WORK ORDER: Scan the records below for the line containing "rewrite (partition_big dsubmx" and the line containing "exists usubmx =>". Copy both, plus every line between, exactly.

RECORDS FOR THIS TASK:
Lemma qbinom_sym n k : (k <= n)%N -> qbinom n k = qbinom n (n - k).
Proof.
move=> le_kn; apply: (mulIf (qfalling_neq0 k)); apply: (mulIf (qfalling_neq0 (n - k))).
rewrite qbinom_qfalling -qfalling_split // -mulrA [qfalling k k * _]mulrC mulrA.
by rewrite qbinom_qfalling (qfalling_split (leq_subr k n)) subKn.
Qed.

Lemma coef_qbinom_ge0 n k i : 0 <= (qbinom n k)`_i.
Proof.
elim: n k i => [|n IHn] [|k] i; rewrite ?qbinomSS ?coefC ?coef0 //; try by case: (i == 0%N).
by rewrite coefD coefXnM addr_ge0 //; case: ifP.
Qed.

Lemma horner_qbinom_ge0 n k (x : int) : 0 <= x -> 0 <= (qbinom n k).[x].
Proof.
move=> ge0x; elim: n k => [|n IHn] [|k]; rewrite ?qbinomSS ?hornerE //.
by rewrite addr_ge0 ?mulr_ge0 ?exprn_ge0 ?IHn.
Qed.

Lemma horner_qbinom_ge1 n k (x : int) : 1 <= x -> (k <= n)%N -> 1 <= (qbinom n k).[x].
Proof.
move=> ge1x; have ge0x := le_trans ler01 ge1x.
elim: n k => [|n IHn] [|k] //= le_kn; rewrite ?hornerE //.
by rewrite (le_trans (IHn k le_kn)) // lerDl mulr_ge0 ?exprn_ge0 ?horner_qbinom_ge0.
Qed.

Lemma PoszX (a b : nat) : (a ^ b)%N = a%:Z ^+ b :> int.
Proof. by rewrite -!natz natrX. Qed.

Lemma coef_comp_poly_scaleX (F : comNzRingType) (c : F) (f : {poly F}) l :
  (f \Po (c *: 'X))`_l = c ^+ l * f`_l.
Proof.
rewrite comp_polyE.
under eq_bigr => i _ do rewrite exprZn scalerA mulrC.
rewrite -(poly_def (size f) (fun i => c ^+ i * f`_i)) coef_poly; case: ltnP => // le_fl.
by rewrite nth_default ?mulr0.
Qed.

Lemma eq_poly_natr (D : numDomainType) (f g : {poly D}) :
  (forall t : nat, f.[t%:R] = g.[t%:R]) -> f = g.
Proof.
move=> eq_fg; apply/eqP; rewrite -subr_eq0; apply/eqP.
apply: (@roots_geq_poly_eq0 _ _ [seq i%:R | i <- iota 0 (size (f - g))]).
- by apply/allP => _ /mapP[i _ ->]; rewrite /root !hornerE eq_fg subrr.
- by rewrite map_inj_uniq ?iota_uniq // => i j /eqP; rewrite eqr_nat => /eqP.
- by rewrite size_map size_iota.
Qed.

Lemma sum_count_card (T : eqType) (I : finType) (S : {set I}) (P : I -> pred T) s :
  (\sum_(i in S) count (P i) s)%N = (\sum_(x <- s) #|[set i in S | P i x]|)%N.
Proof.
under eq_bigr => i _ do rewrite -sum1_count big_mkcond.
rewrite exchange_big; apply: eq_bigr => x _.
rewrite -sum1_card big_mkcond [RHS]big_mkcond; apply: eq_bigr => i _.
by rewrite inE; case: (i \in S); case: (P i x).
Qed.

Section FinFieldSubspaces.
Variable F : finFieldType.
Local Notation q := #|F|.
Let q_gt1 : (1 < q)%N := card_finNzRing_gt1 F.

Lemma card_submx_rV m n (X : 'M[F]_(m, n)) :
  #|[set v : 'rV[F]_n | (v <= X)%MS]| = (q ^ \rank X)%N.
Proof.
have -> : [set v : 'rV[F]_n | (v <= X)%MS] = [set u *m row_base X | u in 'rV_(\rank X)].
  apply/setP => v; rewrite inE -(eq_row_base X).
  by apply/submxP/imsetP => [[u ->] | [u _ ->]]; exists u.
by rewrite card_imset ?card_mx ?mul1n //; apply: row_free_inj (row_base_free X).
Qed.

Lemma row_free_col_mx_rV m n (v : 'rV[F]_n) (A : 'M[F]_(m, n)) :
  row_free (col_mx v A) = row_free A && ~~ (v <= A)%MS.
Proof.
rewrite /row_free -addsmxE addsmxC.
have le_Ar : (\rank A <= \rank (A + v))%N := mxrankS (addsmxSl A v).
have le_rA1 : (\rank (A + v) <= \rank A + 1)%N.
  by rewrite (leq_trans (mxrank_adds_leqif A v)) // leq_add2l rank_leq_row.
have eq_rA : (\rank A == \rank (A + v)) = (v <= A)%MS.
  by rewrite (mxrank_leqif_sup (addsmxSl A v)) addsmx_sub submx_refl.
have le_Am := rank_leq_row A.
rewrite -eq_rA; apply/eqP/andP => [eq_r | [/eqP eq_Am ne_r]]; first by split; lia.
by move/eqP: ne_r; lia.
Qed.

Lemma card_row_free m n :
  #|[pred A : 'M[F]_(m, n) | row_free A]| = (\prod_(i < m) (q ^ n - q ^ i))%N.
Proof.
elim: m => [|m IHm].
  rewrite big_ord0 (@eq_card1 _ (0 : 'M_(0, n))) // => A.
  by rewrite flatmx0 !inE /row_free mxrank0 !eqxx.
rewrite big_ord_recr /= -{}IHm -sum_nat_const -sum1_card -add1n.
rewrite (partition_big dsubmx [pred A | row_free A]) /= => [|B]; last first.
  by rewrite !inE -{1}(vsubmxK B) (row_free_col_mx_rV (usubmx B)) => /andP[].
apply: eq_bigr => A freeA; rewrite (reindex (col_mx^~ A)) /=; last first.
  exists usubmx => [v _ | B]; first by rewrite col_mxKu.
  by case/andP=> _ /eqP <-; rewrite vsubmxK.
transitivity #|~: [set v : 'rV[F]_n | (v <= A)%MS]|.
  rewrite -sum1_card; apply: eq_bigl => v.
  by rewrite col_mxKd eqxx andbT !inE row_free_col_mx_rV freeA.
by rewrite cardsCs setCK card_submx_rV card_mx mul1n (eqP freeA).
Qed.

Definition subspaces n k : {set 'M[F]_n} :=
  [set W : 'M[F]_n | (<<W>>%MS == W) && (\rank W == k)].

Lemma subspacesP n k W : reflect (<<W>>%MS = W /\ \rank W = k) (W \in subspaces n k).
Proof. by rewrite inE; apply: (iffP andP) => [[/eqP-> /eqP->] | [-> ->]]. Qed.

Lemma card_subspaces_row_free n k :
  (#|subspaces n k| * #|[pred A : 'M[F]_k | row_free A]|)%N
    = #|[pred A : 'M[F]_(k, n) | row_free A]|.
Proof.
symmetry; rewrite -[LHS]sum1_card (partition_big (fun A => <<A>>%MS) (mem (subspaces n k))) /=.
  rewrite -sum_nat_const; apply: eq_bigr => W /subspacesP[genW rankW].
  have [B freeB genB] : exists2 B : 'M_(k, n), row_free B & <<B>>%MS = W.
    rewrite -rankW; exists (row_base W); first exact: row_base_free.
    by rewrite (eq_genmx (eq_row_base W)) genW.
  rewrite -sum1_card (reindex_onto (mulmx^~ B) (mulmx^~ (pinvmx B))) /=; last first.
    move=> A /andP[_ /eqP genA]; apply: mulmxKpV.
    by rewrite -genmxE genA -genB genmxE.
  apply: eq_bigl => M; rewrite !inE /row_free mxrankMfree // mulmxKp // eqxx andbT.
  case freeM: (\rank M == k) => //=.
  by rewrite (eq_genmx (eqmxMfull B _)) ?genB ?eqxx.
by move=> A freeA; rewrite inE genmx_id mxrank_gen eqxx.
Qed.

Lemma card_row_free_qfalling m n : (m <= n)%N ->
  (#|[pred A : 'M[F]_(m, n) | row_free A]| : int)
    = \prod_(i < m) q%:Z ^+ i * (qfalling n m).[q%:Z].
Proof.
move=> le_mn; rewrite card_row_free /qfalling horner_prod big_mkord.
rewrite -natz natr_prod -big_split /=; apply: eq_bigr => i _.
have le_in : (i <= n)%N by rewrite (leq_trans (ltnW (ltn_ord i))).
rewrite natrB ?leq_pexp2l ?(ltnW q_gt1) // !hornerE !natrX !natz.
by rewrite mulrBr mulr1 -exprD subnKC.
Qed.

Lemma card_subspaces n k : (k <= n)%N -> (#|subspaces n k| : int) = (qbinom n k).[q%:Z].
Proof.
move=> le_kn; have nz_q : q%:Z != 0 by rewrite eqz_nat -lt0n (ltn_trans _ q_gt1).
have nz_qpowers : \prod_(i < k) q%:Z ^+ i != 0.
  by apply/prodf_neq0 => i _; rewrite expf_neq0.
have nz_qfalling : (qfalling k k).[q%:Z] != 0.
  by rewrite horner_qfalling_neq0 // ltz_nat q_gt1.
have /(congr1 Posz) := card_subspaces_row_free n k.
rewrite PoszM !card_row_free_qfalling // -(qbinom_qfalling n k) hornerM mulrCA.
by move=> /(mulfI nz_qpowers) /(mulIf nz_qfalling).
Qed.

Definition subspaces_thru n k (v : 'rV[F]_n) : {set 'M[F]_n} :=
  [set W in subspaces n k | (v <= W)%MS].

Lemma subspaces_thru0 n k : subspaces_thru k (0 : 'rV[F]_n) = subspaces n k.
Proof. by apply/setP => W; rewrite inE sub0mx andbT. Qed.

Lemma card_subspaces_thru_unitmx n k (v : 'rV[F]_n) (M : 'M[F]_n) : M \in unitmx ->
  #|subspaces_thru k (v *m M)| = #|subspaces_thru k v|.
Proof.
suff le_thru u (N : 'M[F]_n) :
    N \in unitmx -> (#|subspaces_thru k u| <= #|subspaces_thru k (u *m N)|)%N.
  move=> unitM; apply/eqP; rewrite eqn_leq le_thru // andbT.
  by rewrite -{2}[v](mulmxK unitM) le_thru ?unitmx_inv.
move=> unitN; have freeN : row_free N by rewrite row_free_unit.
rewrite -(@card_in_imset _ _ (fun W => <<W *m N>>%MS)).
  apply/subset_leq_card/subsetP => _ /imsetP[W /setIdP[/subspacesP[_ rankW] uW] ->].
  by rewrite !inE genmx_id eqxx mxrank_gen mxrankMfree // rankW eqxx genmxE submxMfree.
move=> W1 W2 /setIdP[/subspacesP[genW1 _] _] /setIdP[/subspacesP[genW2 _] _].
by move/genmxP; rewrite !submxMfree // => /genmxP; rewrite genW1 genW2.
Qed.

RESPONSE FOR THIS EXERCISE:
rewrite (partition_big dsubmx [pred A | row_free A]) /= => [|B]; last first.
  by rewrite !inE -{1}(vsubmxK B) (row_free_col_mx_rV (usubmx B)) => /andP[].
apply: eq_bigr => A freeA; rewrite (reindex (col_mx^~ A)) /=; last first.
  exists usubmx => [v _ | B]; first by rewrite col_mxKu.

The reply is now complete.